In the section Renaissance Art DOI10.18688/aa166-5-39
Year 2016 Volume 6 Pages 378386
Type of article RAR Index UDK 7.035.450.5 Index BBK 85.1

The Medici Chapel (or the New Sacristy) of the Church of San Lorenzo in Florence (1520–1534) is one of the greatest masterpieces of Michelangelo Buonarroti (1475–1564) and the whole Renaissance.

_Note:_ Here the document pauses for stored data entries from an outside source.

Lemma sym_mul_psum_in_span_SigmaS' a b (G H : mp) :
    (a <= d)%N -> (b <= d)%N -> symform (d - a) G -> symform (d - b) H ->
  in_span (in_SigmaS' d) (G * H * psum (a + b)).
Proof.
move=> a_le_d b_le_d G_form H_form.
have [[G_sym G_homog] [H_sym H_homog]] := (G_form, H_form).
pose u (i : 'I_n) := 'X_i ^+ a * G; pose v (i : 'I_n) := 'X_i ^+ b * H.
pose Q (c : R) := \sum_(i < n) (u i + c *: v i) ^+ 2.
have Q_SigmaS' c : in_SigmaS' d (Q c).
  split; first split.
  - apply: sum_msym_symmetric => s i; rewrite rmorphXn /= msymD msymZ !msymM.
    by rewrite !msymXn (issymP _ G_sym) (issymP _ H_sym).
  - rewrite mulnC; apply: rpred_sum => i _.
    apply/dhomogMn/rpredD; last apply: rpredZ.
      by rewrite -(subnKC a_le_d); apply: dhomogM => //; apply: dhomogXn.
    by rewrite -(subnKC b_le_d); apply: dhomogM => //; apply: dhomogXn.
  - exists [seq u i + c *: v i | i <- enum 'I_n]; rewrite big_map big_enum.
    split=> // q /mapP[i _ ->]; apply/in_TD/in_TZ; apply: Xn_mul_sym_in_T => //.
      by move/leq_trans/(_ a_le_d).
    by move/leq_trans/(_ b_le_d).
have -> : G * H * psum (a + b) = 4%:R^-1 *: (Q 1 - Q (-1)).
  apply: (canRL (scalerK _)); first by rewrite pnatr_eq0.
  rewrite /Q /psum -sumrB mulr_sumr scaler_sumr; apply: eq_bigr => i _.
  by rewrite scale1r scaleN1r scaler_nat /u /v exprD; ring.
by apply/in_spanZ/in_spanB; apply: in_span_gen.
Qed.

Lemma psum_prod_in_span_SigmaS' (s : seq nat) :
  sumn s = (2 * d)%N -> in_span (in_SigmaS' d) (psum_prod s).
Proof.
move=> sum_s; have [s0 | s_nil] := eqVneq s [::].
  have d0 : d = 0%N by move: sum_s; rewrite s0 /=; lia.
  have one_form : symform 0 (1 : mp) by rewrite /symform rpred1 dhomog1.
  rewrite s0 /psum_prod big_nil d0; apply: in_span_gen; split=> //.
  exists [:: 1]; rewrite big_seq1 expr1n; split=> // q; rewrite inE => /eqP ->.
  by apply: in_T_gen; left.
have [k [s1 [s2 [perm_s s1_le s2_le]]]] := perm_split_halves s_nil sum_s.
have k_eq : k = ((d - sumn s1) + (d - sumn s2))%N.
  by move: sum_s; rewrite (perm_sumn perm_s) /= sumn_cat; lia.
have -> : psum_prod s = psum_prod s1 * psum_prod s2 * psum k.
  by rewrite /psum_prod (perm_big _ perm_s) /= big_cons big_cat mulrC.
rewrite k_eq; apply: sym_mul_psum_in_span_SigmaS'; rewrite ?leq_subr //.
  by split; rewrite ?psum_prod_sym // subKn ?psum_prod_homog.
by split; rewrite ?psum_prod_sym // subKn ?psum_prod_homog.
Qed.

End SumsOfSquares.

Theorem lemma5p2 (R : realFieldType) (n d : nat) :
  (2 * d <= n)%N ->
  full_dim_in_HS (2 * d) (@in_SigmaS' R n d).
Proof.
move=> n_ge_2d f f_form.
apply: in_span_trans (sym_in_span_psum_prod f_form) => _ [s [sum_s ->]].
by apply: psum_prod_in_span_SigmaS' => // d_gt0; lia.
Qed.
(* For every function $f:\mathbb{N}\to\mathbb{N}$ and all positive integers $a$ and $d$, the set $\{2^{f(n)}(a+dn)\mid n\in\mathbb{N}\}$ is a sufficient set.
   Context: $\mathbb{N}=\{0,1,2,\dots\}$. Let $T:\mathbb{Z}\to\mathbb{Z}$ be $T(x)=x/2$ if $x$ is even and $T(x)=(3x+1)/2$ if $x$ is odd. The $T$-orbit of $x$ is the sequence $x,T(x),T^2(x),\dots$. Two positive integers $x,y$ merge if there exist nonnegative integers $k,j$ with $T^k(x)=T^j(y)$. A set $S$ of positive integers is sufficient if every positive integer merges with some element of $S$. *)

From Stdlib Require Import ZArith.
Open Scope Z_scope.

Definition T (x : Z) : Z :=
  if Z.even x then x / 2 else (3 * x + 1) / 2.

Definition Titer (k : nat) (x : Z) : Z := Nat.iter k T x.

Definition merge (x y : Z) : Prop :=
  exists k j : nat, Titer k x = Titer j y.

Definition sufficient (S : Z -> Prop) : Prop :=
  (forall s, S s -> 0 < s) /\
  (forall x, 0 < x -> exists s, S s /\ merge x s).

At the same time, it is one of the most enigmatic and polysemantic works of that epoch. The abundance of the concepts of “decoding” the New Sacristy’s imagery proposed by the previous researchers does not exhaust the depth of its content and leaves us space for new interpretations.The article focuses on the analysis of the semantic structure of the Medici Chapel. During the reconstruction of Michelangelo’s intent, the author has examined the architectural, sculptural, and pictorial elements, both implemented or not, from which the ensemble of the Medici Chapel had been drawn. Michelangelo’s masterpiece is usually considered in connection with the views of Plato, Dante, and Savonarola. The author proposes a new look at the range of ideas. The concept of the chapel, according to the author, is mainly determined by the idea of the Last Judgment. In the new interpretation of the ensemble, a crucial role is played by the sculptures of four Times of Day. The master reinterpreted the cyclical nature of these images linking them to Apocalypse of John the Evangelist (Revelation, 10: 6). It has been concluded that the concept of the imagery of the Medici Chapel embodied three conceptual complexes: Platonic dualism, Dante’s three-part structure of the underworld, and the idea of posthumous retribution in its most complete form — the Last Judgment.

Reference Maksim Kostyria. The Medici Chapel: A Semantic Aspect.. Actual Problems of Theory and History of Art: Collection of articles. Vol. 6. Eds: Anna V. Zakharova, Svetlana V. Maltseva, Ekaterina Yu. Stanyukovich-Denisova. St. Petersburg, NP-Print Publ., 2016, pp. 378–386. ISSN 2312-2129.